Toplumu nefessiz bırakan 12 Eylül öncesinde, Demirel'in 1979'da Turgut Özal'a hazırlattığı ekonomik istikrar programı IMF'nin daha önce yaptırmak istediği hedeflerle uyuşan ve Türkiye ekonomisini tam olarak yabancı sermayeye açan 24 Ocak 1980 kararları ithal ikame döneminin sonunu getirmişti. Kısacası Türkiye'nin 1975'ten itibaren yeni bir sürece girdiğini, bunun kırılma noktasının 24 Ocak 1980 'ekonomik tedbirleri' ile bunu izleyen 12 Eylül olduğunu söylemek mümkün. Ucuz emek piyasalarını hedef alan ve rantçı yaklaşımlarla dünya ekonomileri ile entegre olacak bu yeni düzen sosyal devlet anlayışını giderek yok edecek, sendikaları anti-demokratikleştirecek, örgütlenmeyi bitirip bireyciliği önplana getirecek, sağlık, eğitim gibi alanları ticarileştirecekti.
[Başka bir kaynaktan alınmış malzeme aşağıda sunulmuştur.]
Lemma parasite_eventually_ge_high : r2 <= d -> 0 < r2 - d + response K1 ->
  exists eps, 0 < eps /\ forall x1 x2, solution x1 x2 ->
    exists T, forall t, T <= t -> eps <= x2 t.
Proof.
  intros Hdr Hrho.
  destruct (host_eventually_ge 0) as [e1 [He1 Hhost]]; rewrite ?Rmult_0_r; [lra|lra|lra|].
  destruct parasite_recovery_region as [del [c1 [k [Hdel [Hc1 [Hk [Hhgrow Hpgrow]]]]]]];
    [exact Hrho|].
  set (U := Rmin e1 c1). set (tau := (c1 - U) / (k * U)).
  assert (HU : 0 < U) by (apply Rmin_glb_lt; lra).
  assert (HUc : U <= c1) by apply Rmin_r.
  assert (Htau : 0 <= tau) by (apply Rle_mult_inv_pos; nra).
  set (L := d + r2 / K2 * X2max).
  assert (HL : 0 <= L).
  { pose proof X2max_pos. assert (0 <= r2 / K2 * X2max)
    by (apply Rmult_le_pos; [apply Rle_mult_inv_pos|]; lra).
    unfold L; lra. }
  exists (del * exp (- L * tau)). split; [apply Rmult_lt_0_compat; [lra|apply exp_pos]|].
  intros x1 x2 Hs.
  destruct (solution_eventually_in_box x1 x2 Hs) as [T [HT Hbox]].
  destruct (Hhost x1 x2 Hs) as [Th HTh].
  assert (Hder := solution_derive x1 x2 Hs).
  set (T' := Rmax T Th).
  assert (HT' : T <= T') by apply Rmax_l. assert (HTh' : Th <= T') by apply Rmax_r.
  apply (eventually_ge_of_escape x2 (fun t => parasite_rate (x1 t) (x2 t)) T' del tau k);
    [intros r Hr; apply (Hder r); lra|intros r Hr; apply (Hbox r); lra|lra|exact Htau|lra| |
     intros r Hr; apply parasite_rate_ge_box, Hbox; lra|exact HL].
  intros s t Hs' Hst Hrare r Hr.
  assert (Hx1 : c1 <= x1 r).
  { apply (enters_above x1 (fun t => host_rate (x1 t) (x2 t)) s t c1 k U tau);
      [intros r' Hr'; apply (Hder r'); lra|intros r' Hr'; apply (Hbox r'); lra| |exact HU
      |exact HUc|exact Hk| |exact Htau| |lra].
    - intros r' Hr' Hsmall. destruct (Hbox r' ltac:(lra)) as [[P1 _] [P2 _]].
      apply Hhgrow; [lra|split; [lra|apply Hrare; lra]].
    - assert (U <= e1) by apply Rmin_l. pose proof (HTh s ltac:(lra)). lra.
    - right. unfold tau. field. lra. }
  destruct (Hbox r ltac:(lra)) as [_ [P2 _]].
  apply Hpgrow; [exact Hx1|split; [lra|apply Hrare; lra]].
Qed.

Lemma host_persistence_high_death : d > r2 -> host_persistent r1 r2 K1 K2 a h e d.
Proof.
  intros Hdr. apply persistent_of_eventually, (host_eventually_ge 0); rewrite ?Rmult_0_r; lra.
Qed.

Lemma host_persistence_weak_parasite :
  r1 / a > K2 * (1 - d / r2) -> K2 * (1 - d / r2) > 0 -> host_persistent r1 r2 K1 K2 a h e d.
Proof.
  intros Hgap Hs2. apply persistent_of_eventually, (host_eventually_ge (K2 * (1 - d / r2))).
  - lra.
  - apply (Rmult_lt_compat_l a) in Hgap; [|lra].
    replace (a * (r1 / a)) with r1 in Hgap by (field; lra). lra.
  - right. field. lra.
Qed.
Kuşkusuz 24 Ocak kararları ve dönemin hemen ardından gelen 12 Eylül süreçleri bugün halen üzerinde tartışılan konulardır. Hukuksal temelleri hazırlanmadan politikada, ekonomik hayatta yaşanan bu dönüşümler toplumsal yaşamı da derinden etkileyecek, militarizmi gündelik hayatın orta yerinde yaşatacaktı. Yine 12 Eylül döneminin çevre yasasının amaç maddesinde: 'önce ekonomik kazanç' cümlesiyle çevreyi yatırımlara teslim eden bir anlayış ortaya çıktı. Böylelikle her şey tüketilebilir birer nesneye dönüştürüldü. Turizm ve Teşvik Yasası ile de tarihsel sit ve doğal alanlar çok yıldızlı tesislere kiralandı. Örneğin; 12 Eylülün ekonomik kurmayı Turgut Özal Köyceğiz, Antik Psilis kenti üzerine inşa edilen tatil köyünün açılışında, 'Roma ve Bizans'tan kalma taş kalıntılarını mı, yoksa lüks otellerini mi tercih edeceğiz' diyerek, traji-komik bir açıklama yapıyordu. Önce ekonomik kazanç anlayışını çevreciliğe aşılayan, böylece çevreyi yatırımlara teslim eden dünyanın tek çevre yasası 12 Eylül ile birlikte neoliberal politikaların da önünü açıyordu.

YÖK KURULUYOR

Tek başlarına yaptıkları iş, görev ve sorumluluklarının, yetki sınırlarının bir anlamı olmayacağı gibi yasal dayanaklarını dönemin militarist yönetim zihniyetinden alan kurumlar varoluşlarını yeniden resmi ideolojilerin yarattığı güç mekanizmasından almışlardır. Kendi gerçeklerini varoluş amaçları çerçevesinde oluşturan bu kurumlardan eğitim ve öğretim kurumu olan YÖK 6 Kasım 1981 yılında kurulmuştur. 12 Eylül askeri darbesinin nihai amacı olarak muhalif yaşam alanlarını baskı altına alma fikri eğitim alanında YÖK kurumu ile gerçekleştirilmiştir. 1982 Anayasası'nın 130 ve 131 maddeleri bu amacı garanti altına alıyordu:

1. Üniversiteleri özerk yönetim yerine merkezi ve hiyerarşik bir yapı ile yönetmeyi öngörmesi, 2. Üniversitelerin üst yönetim kadrolarının belirlenmesinde (öğretim elemanları, öğrencileri ve çalışanları yerine) YÖK ve Cumhurbaşkanı tarafından seçilir ve atanır ilkesinin benimsenmiş olması, 3. Mali ve idari özerklik yönünden doğrudan merkeze bağımlı olması, 4. Türk yükseköğretimi ve üniversiteleri evrensel ölçekte bilim ve fikir üretmek yerine ulusal ölçekte dar bir çerçeveye indirgenmiş olması. Bu maddelerle YÖK'ün üniversiteleri merkezci yetkilerle donanmış olarak kontrol altında tutma anlayışı bugün dünyanın hiçbir gelişmiş ülkesinde bulunmamaktadır. Hatta Silahlı Kuvvetler'in ve MGK'nin kendi yapısı bile bu kadar merkeziyetçi değildir.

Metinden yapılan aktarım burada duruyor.